BEGIN

(* Let $\mathfrak{g}$ be a symmetric social storage network on $N$ agents with stability point $\hat\eta$, which has evolved from the null network and has $\kappa\ge2$ connected components. Suppose $\hat\eta$ is odd and $N>\hat\eta$. If $\mathfrak{g}$ is bilaterally stable, then at least $\kappa-1$ of its components consist of an even number of agents greater than $\hat\eta$.
   Context: A network is a simple undirected graph on a finite set $\mathbf{A}$ of $N$ agents, and $\eta_i(\mathfrak{g})$ is the degree (neighbourhood size) of $i$. Parameters are: disk failure rate $\lambda\in(0,1)$, per-link cost $c$, data worths $\beta_i>0$, storage $s_i$, data size $d_i$ and budget $b_i$. Remaining storage is $RS_i=s_i-\sum_{j\text{ neighbour of }i}d_j$ and remaining budget is $RB_i=b_i-c\,\eta_i(\mathfrak{g})$. A symmetric social storage network is one of the following four types. (a) SVN with sufficient storage under the Multi-Objective Framework (MO): - $\beta_i=\beta$, with $\beta,\lambda,c\in(0,1)$; - $s_i\ge\sum_{j\ne i}d_j$; - $u_i=\beta(1-\lambda^{\eta_i})-c\eta_i$; - it is assumed that $c<\beta(1-\lambda)$ and $L=|\ln(c/(\beta(1-\lambda)))|/|\ln\lambda|$ is not an integer; the stability point is $\hat\eta=\lceil L\rceil$. (b) SV-SRN under MO: - as in (a) but with $s_i=s$ and $d_i=d$ (with $s/d$ an integer) instead of sufficient storage; - the stability point is $\hat\eta=\min\{\lceil L\rceil,s/d\}$. (c) SVN with sufficient storage and budget under the Single-Objective Framework (SO): - $\beta_i=\beta$; - $s_i\ge\sum_{j\ne i}d_j$ and $b_i\ge c(N-1)$; - $u_i=\beta(1-\lambda^{\eta_i})$; - the stability point is $\hat\eta=N-1$. (d) SRN under SO: - $s_i=s$, $d_i=d$, $b_i=b$ (with $s/d$ and $b/c$ integers); - $u_i=\beta_i(1-\lambda^{\eta_i})$; - the stability point is $\hat\eta=\min\{s/d,b/c\}$. Agent $i$ is willing to add the link $\langle ij\rangle$ if $u_i(\mathfrak{g}+\langle ij\rangle)>u_i(\mathfrak{g})$, together with $RS_j\ge d_i$ in types (b) and (d), and additionally $RB_i\ge c$ in type (d). Bilateral stability means both of the following hold. 1. For every link $\langle ij\rangle$: if $u_i(\mathfrak{g}-\langle ij\rangle)>u_i(\mathfrak{g})$, then $u_j(\mathfrak{g}-\langle ij\rangle)<u_j(\mathfrak{g})$. 2. For every non-link $\langle ij\rangle$: if $i$ is willing to add $\langle ij\rangle$, then $j$ is not willing to add it. $\mathfrak{g}$ has evolved from the null network if it is obtained from the network with no links by a finite sequence of single link additions $\langle ij\rangle$, each performed only when both $i$ and $j$ are willing to add it at that moment. *)

From HB Require Import structures.
From mathcomp Require Import all_boot all_order all_algebra.
From mathcomp Require Import reals exp.
Set Implicit Arguments.
Unset Strict Implicit.
Unset Printing Implicit Defensive.
Import Order.TTheory GRing.Theory Num.Theory.
Local Open Scope ring_scope.
Lemma psi1_mod_amp m s : 0 < m -> 0 < s -> psi1_mod m s = amp (s / m ^ 2).
Proof.
  intros Hm Hs. unfold psi1_mod, amp.
  assert (Hr : 0 < s / m ^ 2) by (apply Rdiv_lt_0_compat; nra).
  apply Rint_ext_RInt; auto using PI2_ge0, continuous_sqr_div_rad_sin.
  intros x _. rewrite sqrt_scale by auto. pose proof (rad_pos _ Hr (sin x)). field. lra.
Qed.

Lemma psi2_int_defect m s : 0 < m -> 0 < s ->
  psi2_int m s = m * (2 + defect_int (s / m ^ 2)).
Proof.
  intros Hm Hs. unfold psi2_int, defect_int.
  assert (Hr : 0 < s / m ^ 2) by (apply Rdiv_lt_0_compat; nra).
  rewrite (Rint_ext_RInt _ (fun t => (2 * m) * sin t + m * defect (s / m ^ 2) (sin t)));
    auto using PI2_ge0.
  - rewrite RInt_lin
      by (apply ex_RInt_continuous_R; auto using continuous_sin, continuous_defect_sin).
    rewrite RInt_sin. ring.
  - intros x _. rewrite sqrt_scale by auto.
    pose proof (rad_pos _ Hr (sin x)).
    transitivity (m * ((2 * sin x ^ 2 + s / m ^ 2) / rad (s / m ^ 2) (sin x))).
    + field. lra.
    + rewrite quad_div_rad by auto. ring.
  - intros x. unfold defect, rad. continuous_by_derive. sqrt_args_pos (sin x).
Qed.

Lemma psi2_core_noiseless m : 0 < m -> psi2_core m 0 = (1 - m) ^ 2.
Proof. intros Hm. unfold psi2_core. rewrite psi2_int_noiseless by auto. ring. Qed.

(* [q^2 - pi/2 q + 1 = (q - 1)^2 + (2 - pi/2) q] with [q = sqrt s]. *)
Lemma psi2_core_zero_mod_pos s : 0 <= s -> 0 < psi2_core 0 s.
Proof.
  intros Hs. unfold psi2_core. rewrite psi2_int_zero_mod by auto.
  pose proof PI_lt_347. pose proof (sqrt_pos s). pose proof (sqrt_sqrt s Hs).
  set (q := sqrt s) in *. rewrite <- H1.
  assert (0 <= q * (2 - PI / 2)) by (apply Rmult_le_pos; lra).
  pose proof (Rle_0_sqr (q - 1)). unfold Rsqr in *. simpl. nra.
Qed.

END

→ **How to complete this task**
When you reach the line containing "rewrite (Rint_ext_RInt _" in the data above, start copying exactly, and stop after the line containing "(* [q^2 - pi/2".

→ **The answer**
  rewrite (Rint_ext_RInt _ (fun t => (2 * m) * sin t + m * defect (s / m ^ 2) (sin t)));
    auto using PI2_ge0.
  - rewrite RInt_lin
      by (apply ex_RInt_continuous_R; auto using continuous_sin, continuous_defect_sin).
    rewrite RInt_sin. ring.
  - intros x _. rewrite sqrt_scale by auto.
    pose proof (rad_pos _ Hr (sin x)).
    transitivity (m * ((2 * sin x ^ 2 + s / m ^ 2) / rad (s / m ^ 2) (sin x))).
    + field. lra.
    + rewrite quad_div_rad by auto. ring.
  - intros x. unfold defect, rad. continuous_by_derive. sqrt_args_pos (sin x).
Qed.

Lemma psi2_core_noiseless m : 0 < m -> psi2_core m 0 = (1 - m) ^ 2.
Proof. intros Hm. unfold psi2_core. rewrite psi2_int_noiseless by auto. ring. Qed.

(* [q^2 - pi/2 q + 1 = (q - 1)^2 + (2 - pi/2) q] with [q = sqrt s]. *)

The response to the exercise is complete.